The development of accurate predictive engine simulations requires experimental data to both inform and validate the models, but very limited information is presently available about the chemical structure of high pressure spray flames under engine- relevant conditions. Probing such flames for chemical information using non- intrusive optical methods or intrusive sampling techniques, however, is challenging because of the physical and optical harshness of the environment. This work details two new diagnostics that have been developed and deployed to obtain quantitative species concentrations and soot volume fractions from a high-pressure combusting spray. A high-speed, high-pressure sampling system was developed to extract gaseous species (including soot precursor species) from within the flame for offline analysis by time-of-flight mass spectrometry. A high-speed multi-wavelength optical extinction diagnostic was also developed to quantify transient and quasi-steady soot processes.
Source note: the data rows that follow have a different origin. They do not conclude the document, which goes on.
(* If $\mathbf c_1,\mathbf c_2\in\mathrm{GF}(q^m)^n$ and $d_{\mathrm R}(\mathbf c_1,\mathbf c_2)=r$, then $$|B_r(\mathbf c_1)\cap B_1(\mathbf c_2)|=1+(q^m-q^r){r\brack 1}+(q^r-1){n\brack 1}.$$
   Context: The rank $\mathrm{rk}(\mathbf x)$ of $\mathbf x\in\mathrm{GF}(q^m)^n$ is the maximum number of its coordinates linearly independent over $\mathrm{GF}(q)$, and $d_{\mathrm R}(\mathbf x,\mathbf y)=\mathrm{rk}(\mathbf x-\mathbf y)$. $B_r(\mathbf x)$ is the set of vectors within rank distance $r$ of $\mathbf x$. ${n\brack u}$ denotes the Gaussian binomial coefficient (number of $u$-dimensional subspaces of $\mathrm{GF}(q)^n$); in particular ${n\brack 1}=(q^n-1)/(q-1)$. *)

From HB Require Import structures.
From mathcomp Require Import all_boot all_order all_algebra all_field.
Set Implicit Arguments. Unset Strict Implicit. Unset Printing Implicit Defensive.
Import GRing.Theory.
Local Open Scope ring_scope.

(* K is a subfield of the finite field L (this plays the role of GF(q) inside GF(q^m)). *)
Definition is_subfield (L : finFieldType) (K : {set L}) : Prop :=
  [/\ 1 \in K,
      (forall x y, x \in K -> y \in K -> x - y \in K),
      (forall x y, x \in K -> y \in K -> x * y \in K) &
      (forall x, x \in K -> x^-1 \in K)].

Definition coord_indep (L : finFieldType) (K : {set L}) (n : nat)
    (x : 'rV[L]_n) (I : {set 'I_n}) : bool :=
  [forall c : {ffun 'I_n -> L},
    [forall i in I, c i \in K] ==>
    (\sum_(i in I) c i * x ord0 i == 0) ==> [forall i in I, c i == 0]].

Definition rk (L : finFieldType) (K : {set L}) (n : nat) (x : 'rV[L]_n) : nat :=
  \max_(I : {set 'I_n} | coord_indep K x I) #|I|.

Definition dR (L : finFieldType) (K : {set L}) (n : nat) (x y : 'rV[L]_n) : nat :=
  rk K (x - y).

Definition ballR (L : finFieldType) (K : {set L}) (n : nat) (r : nat) (x : 'rV[L]_n)
  : {set 'rV[L]_n} := [set y | dR K x y <= r]%N.

Definition gauss1 (q k : nat) : nat := ((q ^ k - 1) %/ (q - 1))%N.

(* Put d = c1 - c2 and let S be the K-span of the coordinates of d, of dimension r.
   A nonzero vector of rank at most 1 is a * v with a in L^x and v in K^n \ 0, the
   pair (a, v) being unique up to a factor in K^x; and c2 - a * v lies in B_r(c1)
   iff rk (d + a * v) <= r.  For a in S this always holds.  For a outside S the sum
   S + K a is direct, so rk (d + a * v) <= r iff v satisfies every K-linear
   relation among the coordinates of d, i.e. v lies in a K-space of dimension r.
   Hence (q - 1) (|B_r(c1) :&: B_1(c2)| - 1) = (q^r - 1)(q^n - 1) + (q^m - q^r)(q^r - 1). *)

From HB Require Import structures.
From mathcomp Require Import all_boot all_order all_algebra all_field.
From mathcomp Require Import ring.
Set Implicit Arguments. Unset Strict Implicit. Unset Printing Implicit Defensive.
Import GRing.Theory.
Local Open Scope ring_scope.

Lemma cardsD1_in (T : finType) (A : {set T}) a : a \in A -> #|A :\ a| = #|A|.-1.
Proof. by move=> Aa; rewrite (cardsD1 a A) Aa. Qed.

Section Subfield.
Variables (L : finFieldType) (K : {set L}).
Hypothesis K_subfield : is_subfield K.

Lemma subfield1 : 1 \in K. Proof. by case: K_subfield. Qed.

Lemma subfieldB x y : x \in K -> y \in K -> x - y \in K.
Proof. by case: K_subfield => _ + _ _; apply. Qed.

Lemma subfieldM x y : x \in K -> y \in K -> x * y \in K.
Proof. by case: K_subfield => _ _ + _; apply. Qed.

Lemma subfieldV x : x \in K -> x^-1 \in K.
Proof. by case: K_subfield => _ _ _; apply. Qed.

Lemma subfield0 : 0 \in K. Proof. by rewrite -(subrr 1) subfieldB ?subfield1. Qed.

Lemma subfieldN x : x \in K -> - x \in K.
Proof. by move=> Kx; rewrite -sub0r subfieldB ?subfield0. Qed.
High-pressure sampling and offline characterization of gas-phase species formed following the pre-burn event was accomplished as well as characterization of gas-phase species present in the lift-off region of a high-pressure n-dodecane spray flame. For the initial samples discussed in this work several species were identified, including polycyclic aromatic hydrocarbons (PAH); however, quantitative mole fractions were not determined. Nevertheless, the diagnostic developed here does have this capability. Quantitative, time-resolved measurements of soot extinction were also accomplished and the novel use of multiple incident wavelengths proved valuable toward characterizing changes in soot optical properties within different regions of the spray flame.